Großgruppen: Die analytische Arbeit in großen Gruppen gewinnt in den letzten Jahren zunehmend an Bedeutung. Heute kommen Großgruppen in unterschiedlichsten Bereichen zur Anwendung, auf Kongressen, in Kliniken, Organisationen, zur Konfliktbewältigung innerhalb großen Gemeinschaften usf. 

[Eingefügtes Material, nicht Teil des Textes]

(* Let $G$ be a finite simple graph with at least $3$ vertices, and let $v_1,v_2\in V(G)$ be two leaves of $G$. Then $M_2(G)=M_2(G_{(v_1,v_2)})$.
   Context: A leaf is a vertex with exactly one neighbor. If $v_1,v_2$ are leaves with incident edges $\{w_1,v_1\}$ and $\{w_2,v_2\}$, then $G_{(v_1,v_2)}$ is the graph obtained by identifying $v_1$ and $v_2$ into a single vertex $v_1v_2$: its vertex set is $V(G)\setminus\{v_1,v_2\}\cup\{v_1v_2\}$ and its edge set is $E(G)\setminus\{\{w_1,v_1\},\{w_2,v_2\}\}\cup\{\{w_1,v_1v_2\},\{w_2,v_1v_2\}\}$; edges of $G$ and $G_{(v_1,v_2)}$ are identified in the obvious way. A $2$-matching is a set of edges in which every vertex has degree at most $2$; $M_2(G)$ is the simplicial complex whose vertices are edges of $G$ and whose faces are $2$-matchings of $G$. *)

From mathcomp Require Import all_boot.
Set Implicit Arguments. Unset Strict Implicit. Unset Printing Implicit Defensive.

(* A finite (multi)graph with vertex labels in V and edge labels in E:
   a vertex set, an edge set, and for every edge its set of endpoints
   (a singleton set encodes a loop). *)
Record mgraph (V E : finType) := MGraph {
  mverts : {set V};
  medges : {set E};
  mends  : E -> {set V}
}.

Definition mdeg (V E : finType) (G : mgraph V E) (F : {set E}) (x : V) : nat :=
  \sum_(e in F | x \in mends G e) (if #|mends G e| == 1 then 2 else 1).

Definition two_matching (V E : finType) (G : mgraph V E) (F : {set E}) : bool :=
  (F \subset medges G) && [forall x in mverts G, mdeg G F x <= 2].

(* M_2(G): the simplicial complex (given by its set of faces) on the edges of
   G whose faces are the 2-matchings *)
Definition M2 (V E : finType) (G : mgraph V E) : {set {set E}} :=
  [set F | two_matching G F].

Definition sedges (T : finType) (adj : rel T) : {set {set T}} :=
  [set e : {set T} | [exists x, exists y, adj x y && (e == [set x; y])]].

Definition sgraph (T : finType) (adj : rel T) : mgraph T {set T} :=
  MGraph setT (sedges adj) id.

Definition is_leaf (T : finType) (adj : rel T) (v : T) : bool :=
  #|[set u | adj v u]| == 1.

(* G_(v1,v2): identify v1 and v2 into one vertex, represented by v1
   (v2 is removed); edges keep their labels (the "obvious" identification),
   the endpoints of an edge are mapped through the identification. *)
Definition merge (T : finType) (v1 v2 : T) (x : T) : T :=
  if x == v2 then v1 else x.

Definition identify_leaves (T : finType) (adj : rel T) (v1 v2 : T)
  : mgraph T {set T} :=
  MGraph (setT :\ v2) (sedges adj) (fun e => merge v1 v2 @: e).

From Pilot Require Import Defs.
From mathcomp Require Import all_boot.
Set Implicit Arguments. Unset Strict Implicit. Unset Printing Implicit Defensive.

(* A leaf lies on at most one edge of any edge set, so in G it has degree at
   most 1 in every set of edges.  In G_(v1,v2) the merged vertex only sees the
   edges through v1 or v2, each counted at most as often as in G (the edge
   v1v2, if present, becomes a loop of weight 2 = 1 + 1); hence its degree is
   at most 1 + 1.  All other vertices have the same degree in both graphs.
   So the 2-matching condition is the same in both. *)

Section LeafIdentification.

Variables (T : finType) (adj : rel T).
Hypotheses (adj_sym : symmetric adj) (adj_irr : irreflexive adj).

Lemma sedgesP e :
  reflect (exists x y, adj x y /\ e = [set x; y]) (e \in sedges adj).
Proof.
rewrite inE; apply: (iffP existsP) => [[x /existsP [y /andP [a /eqP ->]]]|[x [y [a ->]]]].
  by exists x, y.
by exists x; apply/existsP; exists y; rewrite a eqxx.
Qed.

Lemma card_sedge e : e \in sedges adj -> #|e| = 2.
Proof.
move=> /sedgesP [x [y [a ->]]]; rewrite cards2.
by case: eqP a => [->|//]; rewrite adj_irr.
Qed.

Lemma mdeg_sgraph (F : {set {set T}}) x :
  F \subset sedges adj -> mdeg (sgraph adj) F x = \sum_(e in F) (x \in e).
Proof.
move=> sF; rewrite /mdeg /= big_mkcondr; apply: eq_bigr => e eF.
by rewrite (card_sedge (subsetP sF e eF)); case: (x \in e).
Qed.

Lemma leaf_sedge v u e :
  [set w | adj v w] = [set u] -> e \in sedges adj -> v \in e -> e = [set v; u].
Proof.
move=> Nv /sedgesP [x [y [a ->]]].
have nbr_u w : adj v w -> w = u by move=> avw; apply/set1P; rewrite -Nv inE.
rewrite !inE => /orP [] /eqP vx; subst v; first by rewrite (nbr_u y a).
by rewrite setUC (nbr_u x) // adj_sym.
Qed.

Lemma mdeg_sgraph_leaf (F : {set {set T}}) v :
  is_leaf adj v -> F \subset sedges adj -> mdeg (sgraph adj) F v <= 1.
Proof.
move=> /cards1P [u Nv] sF; rewrite mdeg_sgraph // -big_mkcondr sum1_card.
rewrite -(cards1 [set v; u]) subset_leq_card //; apply/subsetP => e /andP [eF ve].
by rewrite inE (leaf_sedge Nv (subsetP sF e eF) ve).
Qed.

Variables (v1 v2 : T).

(* Unqualified [merge] would be the merge of sorted sequences from path.v. *)

Lemma mem_merge_imset_v1 (e : {set T}) :
  (v1 \in Defs.merge v1 v2 @: e) = (v1 \in e) || (v2 \in e).
Proof.
apply/imsetP/orP => [[y ye]|[ve|ve]]; last 2 first.
- by exists v1; rewrite // /Defs.merge if_same.
- by exists v2; rewrite // /Defs.merge eqxx.
rewrite /Defs.merge; case: eqVneq => [yv2 _ | _ ->]; [by right; rewrite -yv2 | by left].
Qed.

Lemma mem_merge_imset_other (e : {set T}) x :
  x != v1 -> x != v2 -> (x \in Defs.merge v1 v2 @: e) = (x \in e).
Proof.
move=> xv1 xv2; apply/imsetP/idP => [[y ye]|xe]; last first.
  by exists x; rewrite // /Defs.merge (negbTE xv2).
by rewrite /Defs.merge; case: eqVneq => _ xy; [rewrite xy eqxx in xv1 | rewrite xy].
Qed.

Lemma merge_sedge_loop e :
  e \in sedges adj -> #|Defs.merge v1 v2 @: e| = 1 -> e = [set v1; v2].
Proof.
move=> /sedgesP [x [y [a ->]]].
have xy : x != y by apply: contraTneq a => ->; rewrite adj_irr.
rewrite imsetU1 imset_set1 cards2 /Defs.merge => /eqP.
case: (eqVneq x v2) xy => [-> | xv2]; case: (eqVneq y v2) => [-> | yv2] xy //=.
all: rewrite eqSS eqb0 negbK.
- by move=> /eqP ->; rewrite setUC.
- by move=> /eqP ->.
- by rewrite (negbTE xy).
Qed.

Lemma mdeg_identify_other (F : {set {set T}}) x :
  F \subset sedges adj -> x != v1 -> x != v2 ->
  mdeg (identify_leaves adj v1 v2) F x = mdeg (sgraph adj) F x.
Proof.
move=> sF xv1 xv2; rewrite /mdeg /=.
apply: eq_big => e; first by rewrite mem_merge_imset_other.
move=> /andP [eF xe]; rewrite (card_sedge (subsetP sF e eF)) /=.
case: eqP => // /(merge_sedge_loop (subsetP sF e eF)) loop_e.
by move: xe; rewrite mem_merge_imset_other // loop_e !inE (negbTE xv1) (negbTE xv2).
Qed.

Lemma mdeg_identify_merged (F : {set {set T}}) :
  F \subset sedges adj ->
  mdeg (identify_leaves adj v1 v2) F v1
    <= mdeg (sgraph adj) F v1 + mdeg (sgraph adj) F v2.
Proof.
move=> sF; rewrite !mdeg_sgraph // -big_split /= /mdeg /= big_mkcondr.
apply: leq_sum => e eF; rewrite mem_merge_imset_v1.
case: eqP => [/(merge_sedge_loop (subsetP sF e eF)) -> | _].
  by rewrite !inE !eqxx orbT.
by case: (v1 \in e); case: (v2 \in e).
Qed.

End LeafIdentification.

Theorem mainTheorem12 (T : finType) (adj : rel T)
  (adj_sym : symmetric adj) (adj_irr : irreflexive adj)
  (hT : 3 <= #|T|) (v1 v2 : T) (hv : v1 != v2)
  (l1 : is_leaf adj v1) (l2 : is_leaf adj v2) :
  M2 (sgraph adj) = M2 (identify_leaves adj v1 v2).
Proof.
apply/setP => F; rewrite !inE /two_matching /=.
case sF: (F \subset sedges adj) => //=.
have leaf_deg v : is_leaf adj v -> mdeg (sgraph adj) F v <= 1.
  by move/mdeg_sgraph_leaf; apply.
apply/forallP/forallP => deg2 x; apply/implyP => xV.
- have [-> | xv1] := eqVneq x v1.
    apply: leq_trans (mdeg_identify_merged adj_irr v1 v2 sF) _.
    by rewrite -[2]/(1 + 1) leq_add ?leaf_deg.
  have xv2 : x != v2 by move: xV; rewrite !inE andbT.
  by rewrite mdeg_identify_other // (implyP (deg2 x)) // inE.
- have [-> | xv1] := eqVneq x v1; first exact: leq_trans (leaf_deg _ l1) _.
  have [-> | xv2] := eqVneq x v2; first exact: leq_trans (leaf_deg _ l2) _.
  by rewrite -(mdeg_identify_other adj_irr sF xv1 xv2) (implyP (deg2 x)) // !inE xv2.
Qed.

In der Großgruppe lernen die Teilnehmer:innen in den Dialog zu treten und die eigene soziale Identität zu erkunden. Es braucht Mut sich in dem erweiterten Raum zu positionieren, sich mit den bewussten und auch unbewussten Aspekten der eigenen Identität sowie mit dem gemeinsam geschaffenen sozialen Raum auseinanderzusetzen – mit all den Dynamiken und teils auch konflikthaftem Geschehen die in einer Großgruppe zu Tage treten können. Aufgrund der Vielzahl von Teilnehmer:innen bietet die Großgruppe die Gelegenheit sich mit dem sozialen Unbewussten einer oder mehrerer Kulturen auseinanderzusetzen. So kann die Großgruppe zu einem Instrument werden, wo jeder einzelne sowie alle gemeinsam ihre Stimme finden. Wenn man sich darauf einlässt, merkt man, welchen Gewinn sich daraus ziehen lässt.